Most days, my goal was to keep my head above water. Every day without drowning became a good day. Joe McKeever

Brokenness is the heartfelt admission that without Jesus Christ I can do nothing.

We are stubborn independents with a drive to manage our own life. We don’t yield the baton of our life too easily, even to brokenness.

Listen to the words of Frederick Beuchner concerning AA:

I'm not an alcoholic but I have had a lot of alcoholism, one way or the other, in my family, like so many people. Through that I have found myself going with some regularity to meetings of groups like Adult Children of Alcoholics and Al Anon, families of alcoholics. I have been as nourished really by what I have found going on there, as I have been in a spiritual way by anything else I've done. For people who don't know what is going on there, it is very instructive that there is no preaching, nobody lectures anybody else, there is no program as such, there is no building. The AA groups and the related groups usually meet in the basement of a church, or something like that. There is no budget.

No hierarchy. Nothing like that. It is simply a group of human beings coming together with the common problem of alcohol, or in this case -- my case -- alcohol-related problems, saying we simply cannot live full human lives without each other and without -- they don't say God because some of them do not believe in God -- what they call our Higher Power, which might be God if you are a believer or might just be the power of the group itself. Miracles happen. I've seen them happen. In little ways, I think I have experienced them happen in myself. I just can't help wondering to what degree this is perhaps what the church originally was, that is to say, if you went back to the earliest days of the Christian community before there were these great buildings and programs and preachers and rummage sales and choirs and all the rest of it, I suspect you would have found something like this. A little group of people coming together wherever they could and simply helping each other and helping each other find a God who would help them became human beings. I think there is good reason for that. Not only is it my feeling, but I have a feeling there is also a good scholarly reason this is true. Another thing that impresses me so much about them is that, if you are an alcoholic or in any of these related groups, if you find yourself having bad times anywhere in the world, all you have to do is look up AA in the phone directory. You will find a stranger, a member of that group, who is not really a stranger, who will come at any hour of day or night to somehow be there for you. The question I have asked myself so often is "If you as a Christian found yourself having hard times in a foreign port or a strange town, (A) Would you think of calling up a church and saying, 'Come, help me'? and (B) Would the church be prepared in any way to come and do whatever you needed to do?" I am not going to answer that question but I am going to say that if the church would not be there to do such a thing, then you wonder what is so big about the big business of the church.

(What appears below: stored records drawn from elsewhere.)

(* supp psi  ⊂ [-2,2]: since [-2,2] is closed, this says psi vanishes outside [-2,2]. *)
Definition supp_in_m2_2 (psi : R -> R) : Prop := forall x, 2 < Rabs x -> psi x = 0.

Definition cexpi (s : R) : Complex.C := (cos s, sin s).

Definition integrand (psi : R -> R) (t a L : R) (lam : R) : Complex.C :=
  Complex.Cmult (cexpi (t * lam)) (Complex.RtoC (sin (a * sqrt lam) * psi (sqrt lam / L))).

Definition I_psi (psi : R -> R) (t a L : R) : Complex.C :=
  @RInt_gen C_R_CompleteNormedModule (integrand psi t a L) (at_point 0) (Rbar_locally p_infty).

(* After the substitution λ = s², the integral becomes ∫ 2s e^{its²} sin(as) ψ(s/L) ds, and
   2s e^{its²} is the derivative of e^{its²}/(it): one integration by parts gains the factor 1/t,
   with no boundary terms because sin(a·0) = 0 and ψ vanishes beyond 2.  In the remaining integral
   of e^{its²} (sin(as) ψ(s/L))', the factor cos(as) is absorbed into the phases ts² ± as, so that
   what is left are amplitudes whose derivatives are O(|a|/L) on an interval of length 3L and
   vanish at its right end.  A second integration by parts against the primitive of the chirp
   sin(ts² + bs + θ), which is O(t^{-1/2}) uniformly in b and θ (complete the square and use the
   bound on Fresnel integrals), gives the remaining factor t^{-1/2} |a|. *)

From Stdlib Require Import Reals Lra.
From Coquelicot Require Import Coquelicot.
Open Scope R_scope.

Lemma ex_derive_continuous_R (f : R -> R) x : ex_derive f x -> continuous f x.
Proof. exact (@ex_derive_continuous R_AbsRing R_NormedModule f x). Qed.

Lemma ex_RInt_continuous_R (f : R -> R) a b : (forall x, continuous f x) -> ex_RInt f a b.
Proof. intros Hf; apply (ex_RInt_continuous (V := R_CompleteNormedModule)); auto. Qed.

Lemma RInt_ext_R (f g : R -> R) a b :
  (forall x, Rmin a b < x < Rmax a b -> f x = g x) -> RInt f a b = RInt g a b.
Proof. exact (RInt_ext f g a b). Qed.

Ltac solve_continuous := apply ex_derive_continuous_R; auto_derive; auto.

Lemma Rabs_sin_le x : Rabs (sin x) <= Rabs x.
Proof.
  destruct (MVT_abs sin cos 0 x) as [c [Hc _]].
  { intros c _; apply derivable_pt_lim_sin. }
  rewrite sin_0, !Rminus_0_r in Hc; rewrite Hc.
  assert (Rabs (cos c) <= 1) by (apply Rabs_le, COS_bound).
  generalize (Rabs_pos x); nra.
Qed.

Lemma RInt_by_parts (f df g dg : R -> R) a b : a <= b ->
  (forall x, a <= x <= b -> is_derive f x (df x)) ->
  (forall x, a <= x <= b -> is_derive g x (dg x)) ->
  (forall x, a <= x <= b -> continuous df x) ->
  (forall x, a <= x <= b -> continuous dg x) ->
  RInt (fun x => df x * g x) a b = f b * g b - f a * g a - RInt (fun x => f x * dg x) a b.
Proof.
  intros Hab Hf Hg Hdf Hdg.
  assert (Hl : forall x, a <= x <= b -> continuous (fun x => df x * g x) x).
  { intros x Hx; apply (continuous_mult df g); auto.
    apply ex_derive_continuous_R; eexists; eauto. }
  assert (Hr : forall x, a <= x <= b -> continuous (fun x => f x * dg x) x).
  { intros x Hx; apply (continuous_mult f dg); auto.
    apply ex_derive_continuous_R; eexists; eauto. }
  assert (Hex : forall h : R -> R, (forall x, a <= x <= b -> continuous h x) -> ex_RInt h a b).
  { intros h Hh; apply (ex_RInt_continuous (V := R_CompleteNormedModule)).
    rewrite Rmin_left, Rmax_right by exact Hab; exact Hh. }
  assert (Hprod : is_RInt (fun x => df x * g x + f x * dg x) a b (f b * g b - f a * g a)).
  { apply (is_RInt_derive (V := R_CompleteNormedModule) (fun x => f x * g x));
      rewrite Rmin_left, Rmax_right by exact Hab.
    - intros x Hx; apply (is_derive_mult f g); auto; apply Rmult_comm.
    - intros x Hx; apply (continuous_plus (fun x => df x * g x) (fun x => f x * dg x)); auto. }
  apply (is_RInt_unique (V := R_CompleteNormedModule)) in Hprod.
  rewrite (RInt_plus (V := R_CompleteNormedModule)) in Hprod by auto.
  unfold plus in Hprod; simpl in Hprod; lra.
Qed.
(* R^d is modelled as row vectors 'rV[R]_d, with the product (= Borel)      *)
(* sigma-algebra generated by the coordinates (instance above).             *)
Section ksd_defs.
Context {R : realType} {d : nat}.
Local Notation V := 'rV[R]_d.

Definition ei (i : 'I_d) : V := delta_mx ord0 i.

Definition is_lebesgue (leb : {sigma_finite_measure set V -> \bar R}) : Prop :=
  forall a b : V, (forall i, a ord0 i <= b ord0 i) ->
    leb [set x : V | forall i, a ord0 i <= x ord0 i <= b ord0 i] =
    (\prod_(i < d) (b ord0 i - a ord0 i))%:E.

Definition dotv (u v : V) : R := \sum_(i < d) u ord0 i * v ord0 i.

Definition score (f : V -> R) (x : V) : V :=
  \row_(i < d) 'D_(ei i) (fun y => ln (f y)) x.

Definition psd_kernel (k : V -> V -> R) : Prop :=
  (forall x y, k x y = k y x) /\
  (forall (n : nat) (xs : 'I_n -> V) (c : 'I_n -> R),
     0 <= \sum_(a < n) \sum_(b < n) c a * c b * k (xs a) (xs b)).

Definition marginal {dZ} {Z : measurableType dZ}
  (Q : {measure set Z -> \bar R}) (qc : V -> Z -> R) (x : V) : R :=
  \int[Q]_z qc x z.

Definition KSD2 (leb : {sigma_finite_measure set V -> \bar R}) (k : V -> V -> R)
  (p q : V -> R) : R :=
  \int[(leb \x leb)%E]_w
     (k w.1 w.2 * dotv (score p w.1 - score q w.1) (score p w.2 - score q w.2)
        * q w.1 * q w.2).

Definition fstar (leb : {sigma_finite_measure set V -> \bar R}) (k : V -> V -> R)
  (p q : V -> R) (x : V) : V :=
  \row_(i < d) \int[leb]_y (k x y * (score p y - score q y) ord0 i * q y).

End ksd_defs.

From HB Require Import structures.
From mathcomp Require Import all_boot all_order all_algebra.
From mathcomp Require Import all_classical all_reals all_analysis.
From mathcomp Require Import measurable_realfun ring.
Import Order.TTheory GRing.Theory Num.Theory.
Import numFieldNormedType.Exports.
Local Open Scope classical_set_scope.
Local Open Scope ring_scope.

(* Differentiating q(y) = \int q(y|z) dQ(z) under the integral sign gives
   s_q(y) q(y) = \int s_{q(.|z)}(y) q(y|z) dQ(z): the marginal score is the
   posterior mean of the conditional scores. Hence, coordinatewise,
   (s_p(y) - s_q(y)) q(y) = \int (s_p(y) - s_{q(.|z)}(y)) q(y|z) dQ(z).
   Substituting this once into f* and twice into the double integral defining
   KSD^2, and exchanging the integrals by Fubini, gives both identities. *)

Section derive_along_line.
Context {R : realType} {V W : normedModType R}.
Implicit Types (f : V -> W) (x v : V) (t : R).

Let difference_quotient_line f x v t :
  (fun h : R => h^-1 *: ((fun s : R => f (x + s *: v)) (h *: 1 + t)
                         - (fun s : R => f (x + s *: v)) t)) =
  (fun h : R => h^-1 *: (f (h *: v + (x + t *: v)) - f (x + t *: v))).
Proof.
by apply/funext => h /=; rewrite scalerDl [h *: 1]mulr1 addrCA.
Qed.

Lemma derive_line f x v t :
  'D_1 (fun s : R => f (x + s *: v)) t = 'D_v f (x + t *: v).
Proof. by rewrite /derive /= difference_quotient_line. Qed.

Lemma derivable_line f x v t :
  derivable (fun s : R => f (x + s *: v)) t 1 <-> derivable f (x + t *: v) v.
Proof. by rewrite /derivable difference_quotient_line. Qed.

End derive_along_line.

Lemma score_mul {R : realType} {d : nat} (f : 'rV[R]_d -> R) x i :
  0 < f x -> derivable f x (ei i) -> score f x ord0 i * f x = 'D_(ei i) f x.
Proof.
move=> fx_gt0 df.
have line0 (g : 'rV[R]_d -> R) :
    'D_(ei i) g x = derive1 (fun s : R => g (x + s *: ei i)) 0.
  by rewrite derive1E derive_line scale0r addr0.
have df_line : derivable (fun s : R => f (x + s *: ei i)) 0 1.
  by apply/derivable_line; rewrite scale0r addr0.
have fx0 : f (x + 0 *: ei i) = f x by rewrite scale0r addr0.
have [dln ln'] := is_derive1_ln fx_gt0.
rewrite /score mxE !line0.
rewrite (derive1_comp (g := @ln R)) //= fx0 // derive1E ln'.
by rewrite mulrAC mulVf ?mul1r // gt_eqF.
Qed.

Lemma cvg_derive_harmonic {R : realType} {V : normedModType R} (f : V -> R) a v :
  derivable f a v ->
  (harmonic n)^-1 * (f (harmonic n *: v + a) - f a) @[n --> \oo] --> 'D_v f a.
Proof.
move=> df; pose quotient h := h^-1 * (f (h *: v + a) - f a).
have quotient_cvg : quotient h @[h --> 0^'] --> 'D_v f a := df.
apply: ((cvgr_dnbhsP quotient 0 ('D_v f a)).1 quotient_cvg harmonic).
by split; [move=> n; rewrite gt_eqF // harmonic_gt0 | exact: cvg_harmonic].
Qed.

Lemma measurable_derive {R : realType} {V : normedModType R}
    {dT : measure_display} {T : measurableType dT} (f : V -> T -> R) (x v : V) :
  (forall y, measurable_fun setT (f y)) -> (forall t, derivable (f ^~ t) x v) ->
  measurable_fun setT (fun t => 'D_v (f ^~ t) x).
Proof.
move=> mf df.
apply: (measurable_fun_cvg
  (h := fun n t => (harmonic n)^-1 * (f (harmonic n *: v + x) t - f x t))).
  by move=> n; apply: measurable_funM => //; apply: measurable_funB.
by move=> t _; exact: cvg_derive_harmonic.
Qed.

The trouble is that the churches have become so big, so organized, so rich and so complicated that I somehow think the best thing that could happen to these huge churches would be for the building to burn down, their money to be lost, their church calendar to blow in the wind like dead leaves and all they have left would be each other and God. I suspect strongly that would be the best thing that could happen.

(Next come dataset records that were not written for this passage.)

(* Let $\mathcal{A}$ be an $\ell_A$-quasi-cyclic code over $\mathbb{F}_q$ of length $n_A=\ell_A m_A$ and $\mathcal{B}$ an $\ell_B$-quasi-cyclic code over $\mathbb{F}_q$ of length $n_B=\ell_B m_B$, with $\gcd(n_A,n_B)=1$, and let integers $a,b$ satisfy $a n_A+b n_B=1$. Put $\ell=\ell_A\ell_B$, $m=m_Am_B$, $n=n_An_B$. Let $(m_{i,j})_{0\le i<n_B,\,0\le j<n_A}$ be an $n_B\times n_A$ matrix over $\mathbb{F}_q$ each of whose rows is in $\mathcal{A}$ and each of whose columns is in $\mathcal{B}$, and let $$c(X)\equiv\sum_{i=0}^{n_B-1}\sum_{j=0}^{n_A-1}m_{i,j}X^{\psi(i,j)}\pmod{X^n-1},\qquad \psi(i,j)=i a n_A\ell_A+j b n_B\ell_B \bmod n.$$ For $g\in\{0,\dots,\ell_B-1\}$, $h\in\{0,\dots,\ell_A-1\}$ define $$c_{g,h}(X)\equiv X^{\theta(g,h)}\sum_{i=0}^{m_B-1}\sum_{j=0}^{m_A-1}m_{i\ell_B+g,\,j\ell_A+h}X^{\chi(i,j)}\pmod{X^m-1},$$ where $\theta(g,h)=g(-b m_B)+h(-a m_A)\bmod m$ and $\chi(i,j)=i a n_A+j b n_B\bmod m$. Then $$c(X)\equiv\sum_{g=0}^{\ell_B-1}\sum_{h=0}^{\ell_A-1}c_{g,h}(X^{\ell_A\ell_B})X^{g\ell_A+h\ell_B}\pmod{X^n-1}.$$
   Context: An $\ell$-quasi-cyclic code of length $\ell m$ over $\mathbb{F}_q$ is a linear code closed under cyclic shift of coordinates by $\ell$ positions. Exponents of $X$ are taken modulo the indicated modulus (so $X^{k}$ for negative $k$ means $X^{k\bmod m}$ modulo $X^m-1$, resp. modulo $n$ for $X^n-1$). *)

From HB Require Import structures.
From mathcomp Require Import all_boot all_order all_algebra.
Set Implicit Arguments. Unset Strict Implicit. Unset Printing Implicit Defensive.
Import GRing.Theory.
Local Open Scope ring_scope.

Definition rv_at (R : nzRingType) (n : nat) (c : 'rV[R]_n) (i : nat) : R :=
  if insub i is Some i' then c 0 i' else 0.

Definition mx_at (R : nzRingType) (r s : nat) (M : 'M[R]_(r, s)) (i j : nat) : R :=
  match insub i, insub j with
  | Some i', Some j' => M i' j'
  | _, _ => 0
  end.

(* Cyclic shift of the coordinates of c (length n) by l positions:
   (qshift l c)_k = c_{k - l mod n}. *)
Definition qshift (R : nzRingType) (n : nat) (l : nat) (c : 'rV[R]_n) : 'rV[R]_n :=
  \row_(k < n) rv_at c ((k + (n - l %% n)) %% n).

Definition quasi_cyclic (F : fieldType) (l m : nat) (C : {vspace 'rV[F]_(l * m)}) : Prop :=
  forall c : 'rV[F]_(l * m), c \in C -> qshift l c \in C.

Definition emod (k : int) (n : nat) : nat := `|(k %% n%:Z)%Z|%N.

From HB Require Import structures.
From mathcomp Require Import all_boot all_order all_algebra.
From mathcomp Require Import ring.
Import GRing.Theory.
Local Open Scope ring_scope.

(* The Bezout relation a nA + b nB = 1 makes the exponent of the entry in
   row i lB + g and column j lA + h of the matrix split exactly, over the
   integers, as psi = lA lB (theta(g,h) + chi(i,j)) + g lA + h lB.  Since
   substituting X^(lA lB) into X^m - 1 gives X^n - 1, reducing c_{g,h} modulo
   X^m - 1 before the substitution is harmless modulo X^n - 1, and the
   identity becomes a regrouping of the double sum defining c by the residues
   of the row index mod lB and of the column index mod lA. *)

Lemma big_ord_mul_split (V : nmodType) (p q : nat) (f : nat -> V) :
  \sum_(i < p * q) f i = \sum_(i < q) \sum_(g < p) f (i * p + g)%N.
Proof.
rewrite -(big_mkord xpredT f) mulnC big_nat_mul big_mkord.
apply: eq_bigr => i _.
rewrite -{1}[(i * p)%N]add0n big_addn mulSn addnK big_mkord.
by apply: eq_bigr => g _; rewrite addnC.
Qed.

Lemma big_ord_mul_split2 (V : nmodType) (p q r s : nat) (f : nat -> nat -> V) :
  \sum_(i < p * q) \sum_(j < r * s) f i j =
  \sum_(g < p) \sum_(h < r) \sum_(i < q) \sum_(j < s) f (i * p + g)%N (j * r + h)%N.
Proof.
rewrite (@big_ord_mul_split _ p q (fun i => \sum_(j < r * s) f i j)) exchange_big.
apply: eq_bigr => g _.
under eq_bigr => i _ do
  rewrite (@big_ord_mul_split _ r s (f (i * p + g)%N)) exchange_big.
by rewrite exchange_big.
Qed.

Section PolyMod.
Variable F : fieldType.
Implicit Types (p e r : {poly F}).

Lemma modp_sum (I : Type) (s : seq I) (P : pred I) (f : I -> {poly F}) e :
  (\sum_(i <- s | P i) f i) %% e = \sum_(i <- s | P i) (f i %% e).
Proof. exact: (big_morph (fun p => p %% e) (modpD e) (mod0p e)). Qed.

Lemma comp_modp p e r : ((p %% e) \Po r) %% (e \Po r) = (p \Po r) %% (e \Po r).
Proof.
by rewrite [in RHS](divp_eq p e) comp_polyD comp_polyM modpD modp_mull add0r.
Qed.

Lemma comp_Xn_sub1 (m l : nat) : ('X^m - 1 : {poly F}) \Po 'X^l = 'X^(m * l) - 1.
Proof. by rewrite comp_polyB comp_Xn_poly -exprM -polyC1 comp_polyC mulnC. Qed.

Lemma modp_XkXn1 (n k : nat) : 'X^k %% ('X^n - 1 : {poly F}) = 'X^(k %% n) %% ('X^n - 1).
Proof.
rewrite {1}(divn_eq k n); elim: (k %/ n)%N => [|q IH]; first by rewrite add0n.
have -> : ('X^(q.+1 * n + k %% n) : {poly F}) =
    'X^(q * n + k %% n) * ('X^n - 1) + 'X^(q * n + k %% n).
  by rewrite mulrBr mulr1 subrK -exprD mulSn [in RHS]addnC addnA.
by rewrite modpD modp_mull add0r IH.
Qed.

Lemma comp_modp_Xn_sub1 (p : {poly F}) (m l s : nat) :
  ((p %% ('X^m - 1) \Po 'X^l) * 'X^s) %% ('X^(m * l) - 1) =
  ((p \Po 'X^l) * 'X^s) %% ('X^(m * l) - 1).
Proof. by rewrite -comp_Xn_sub1 mulrC -modp_mul comp_modp modp_mul mulrC. Qed.

Lemma comp_Xn_sum2 (I J : finType) (w : I -> J -> F)
    (e : I -> J -> nat) (t l s : nat) :
  (('X^t * \sum_i \sum_j w i j *: 'X^(e i j)) \Po 'X^l) * 'X^s =
  \sum_i \sum_j w i j *: 'X^(l * t + l * e i j + s) :> {poly F}.
Proof.
rewrite comp_polyM comp_Xn_poly -exprM raddf_sum mulr_sumr mulr_suml.
apply: eq_bigr => i _; rewrite raddf_sum mulr_sumr mulr_suml.
apply: eq_bigr => j _.
by rewrite /= comp_polyZ comp_Xn_poly -exprM -scalerAr -scalerAl -!exprD.
Qed.

End PolyMod.

Lemma emodE (x : int) (n : nat) : (0 < n)%N -> (emod x n)%:Z = (x %% n%:Z)%Z.
Proof. by move=> n_gt0; rewrite /emod gez0_abs // modz_ge0 // eqz_nat -lt0n. Qed.

Lemma modp_Xk_emod (F : fieldType) (n k : nat) (x : int) : (0 < n)%N ->
  (k%:Z = x %[mod n%:Z])%Z ->
  'X^k %% ('X^n - 1 : {poly F}) = 'X^(emod x n) %% ('X^n - 1).
Proof.
move=> n_gt0 kx; rewrite modp_XkXn1 [RHS]modp_XkXn1; congr ('X^_ %% _).
by apply/eqP; rewrite -eqz_nat -!modz_nat kx emodE // modz_mod.
Qed.

Lemma mulz_emod (x : int) (l m : nat) : (0 < l)%N -> (0 < m)%N ->
  ((l * emod x m)%N%:Z = l%:Z * x %[mod (l * m)%N%:Z])%Z.
Proof.
by move=> l_gt0 m_gt0; rewrite PoszM emodE // mulz_modr // -PoszM modz_mod.
Qed.

Section Exponents.
Variables (lA mA lB mB : nat) (a b : int).
Hypothesis bezout : a * (lA * mA)%:Z + b * (lB * mB)%:Z = 1.

Lemma exponent_split (i j g h : nat) :
  (i * lB + g)%:Z * a * (lA * mA)%:Z * lA%:Z
    + (j * lA + h)%:Z * b * (lB * mB)%:Z * lB%:Z =
  (lA * lB)%:Z * (g%:Z * - (b * mB%:Z) + h%:Z * - (a * mA%:Z))
    + (lA * lB)%:Z * (i%:Z * a * (lA * mA)%:Z + j%:Z * b * (lB * mB)%:Z)
    + (g * lA + h * lB)%:Z.
Proof.
apply/eqP; rewrite -subr_eq0; apply/eqP.
transitivity ((g * lA + h * lB)%:Z * (a * (lA * mA)%:Z + b * (lB * mB)%:Z - 1)).
  by rewrite !PoszD !PoszM; ring.
by rewrite bezout subrr mulr0.
Qed.

Hypotheses (lA_gt0 : (0 < lA)%N) (lB_gt0 : (0 < lB)%N).
Hypotheses (mA_gt0 : (0 < mA)%N) (mB_gt0 : (0 < mB)%N).

Lemma exponent_split_emod (i j g h : nat) :
  ((lA * lB * emod (g%:Z * - (b * mB%:Z) + h%:Z * - (a * mA%:Z)) (mA * mB)
    + lA * lB * emod (i%:Z * a * (lA * mA)%:Z + j%:Z * b * (lB * mB)%:Z) (mA * mB)
    + (g * lA + h * lB))%N%:Z =
   (i * lB + g)%:Z * a * (lA * mA)%:Z * lA%:Z
     + (j * lA + h)%:Z * b * (lB * mB)%:Z * lB%:Z
   %[mod (lA * lB * (mA * mB))%N%:Z])%Z.
Proof.
have L_gt0 : (0 < lA * lB)%N by rewrite muln_gt0 lA_gt0.
have m_gt0 : (0 < mA * mB)%N by rewrite muln_gt0 mA_gt0.
rewrite exponent_split !PoszD -modzDml -[in RHS]modzDml.
by congr (modz (_ + _) _); rewrite -modzDm !mulz_emod // modzDm.
Qed.

End Exponents.

Theorem lemma4 (F : finFieldType) (lA mA lB mB : nat)
    (A : {vspace 'rV[F]_(lA * mA)}) (B : {vspace 'rV[F]_(lB * mB)})
    (a b : int) (M : 'M[F]_(lB * mB, lA * mA)) :
  (0 < lA)%N -> (0 < mA)%N -> (0 < lB)%N -> (0 < mB)%N ->
  quasi_cyclic A -> quasi_cyclic B ->
  coprime (lA * mA) (lB * mB) ->
  a * (lA * mA)%:Z + b * (lB * mB)%:Z = 1 ->
  (forall i, row i M \in A) ->
  (forall j, (col j M)^T \in B) ->
  let nA := (lA * mA)%N in
  let nB := (lB * mB)%N in
  let m := (mA * mB)%N in
  let n := (nA * nB)%N in
  let psi (i j : nat) : nat :=
    emod (i%:Z * a * nA%:Z * lA%:Z + j%:Z * b * nB%:Z * lB%:Z) n in
  let theta (g h : nat) : nat :=
    emod (g%:Z * (- (b * mB%:Z)) + h%:Z * (- (a * mA%:Z))) m in
  let chi (i j : nat) : nat :=
    emod (i%:Z * a * nA%:Z + j%:Z * b * nB%:Z) m in
  let c : {poly F} :=
    \sum_(i < nB) \sum_(j < nA) M i j *: 'X^(psi i j) in
  let cgh (g h : nat) : {poly F} :=
    ('X^(theta g h) *
      \sum_(i < mB) \sum_(j < mA)
         mx_at M (i * lB + g)%N (j * lA + h)%N *: 'X^(chi i j))
    %% ('X^m - 1) in
  c %% ('X^n - 1) =
  (\sum_(g < lB) \sum_(h < lA)
      (cgh g h \Po 'X^(lA * lB)) * 'X^(g * lA + h * lB)) %% ('X^n - 1).
Proof.
move=> lA_gt0 mA_gt0 lB_gt0 mB_gt0 _ _ _ bezout _ _ nA nB m n psi theta chi c cgh.
have nE : n = (m * (lA * lB))%N by rewrite /n /nA /nB /m mulnACA mulnC.
have n_gt0 : (0 < n)%N by rewrite nE !muln_gt0 mA_gt0 mB_gt0 lA_gt0.
have termE (g h : nat) :
    ((cgh g h \Po 'X^(lA * lB)) * 'X^(g * lA + h * lB)) %% ('X^n - 1) =
    (\sum_(i < mB) \sum_(j < mA) mx_at M (i * lB + g)%N (j * lA + h)%N
       *: 'X^(psi (i * lB + g)%N (j * lA + h)%N)) %% ('X^n - 1).
  rewrite nE comp_modp_Xn_sub1 comp_Xn_sum2 -nE !modp_sum.
  apply: eq_bigr => i _; rewrite !modp_sum; apply: eq_bigr => j _.
  rewrite !modpZl; congr (_ *: _); apply: modp_Xk_emod => //.
  by rewrite nE [(m * _)%N]mulnC; apply: exponent_split_emod.
rewrite [RHS]modp_sum.
under eq_bigr => g _ do rewrite modp_sum.
under eq_bigr => g _ do under eq_bigr => h _ do rewrite termE.
under eq_bigr => g _ do rewrite -modp_sum.
rewrite -modp_sum /c; congr (_ %% _).
rewrite -(@big_ord_mul_split2 _ lB mB lA mA (fun i j => mx_at M i j *: 'X^(psi i j))).
by apply: eq_bigr => i _; apply: eq_bigr => j _; rewrite /mx_at !valK.
Qed.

I believe with all of my heart those words that Beuchner wrote.

Some of you may not have been ready for Step four that’s okay God is very patient. He’ll just wait until the pain builds up enough…we have to want to be delivered. This brings us to Step 5:

Submit to every change God wants to make in my life and humbly ask Him to begin removing my character defects.

I spent a fair bit of time in dental offices as a youngster. Teeth removed, braces, broken teeth, you name it- it wasn't fun times. I always stiffen up at the thought of going to the dentist, even to see my good friend Dr. Nathan! I still don’t like the way he hides the needle, though!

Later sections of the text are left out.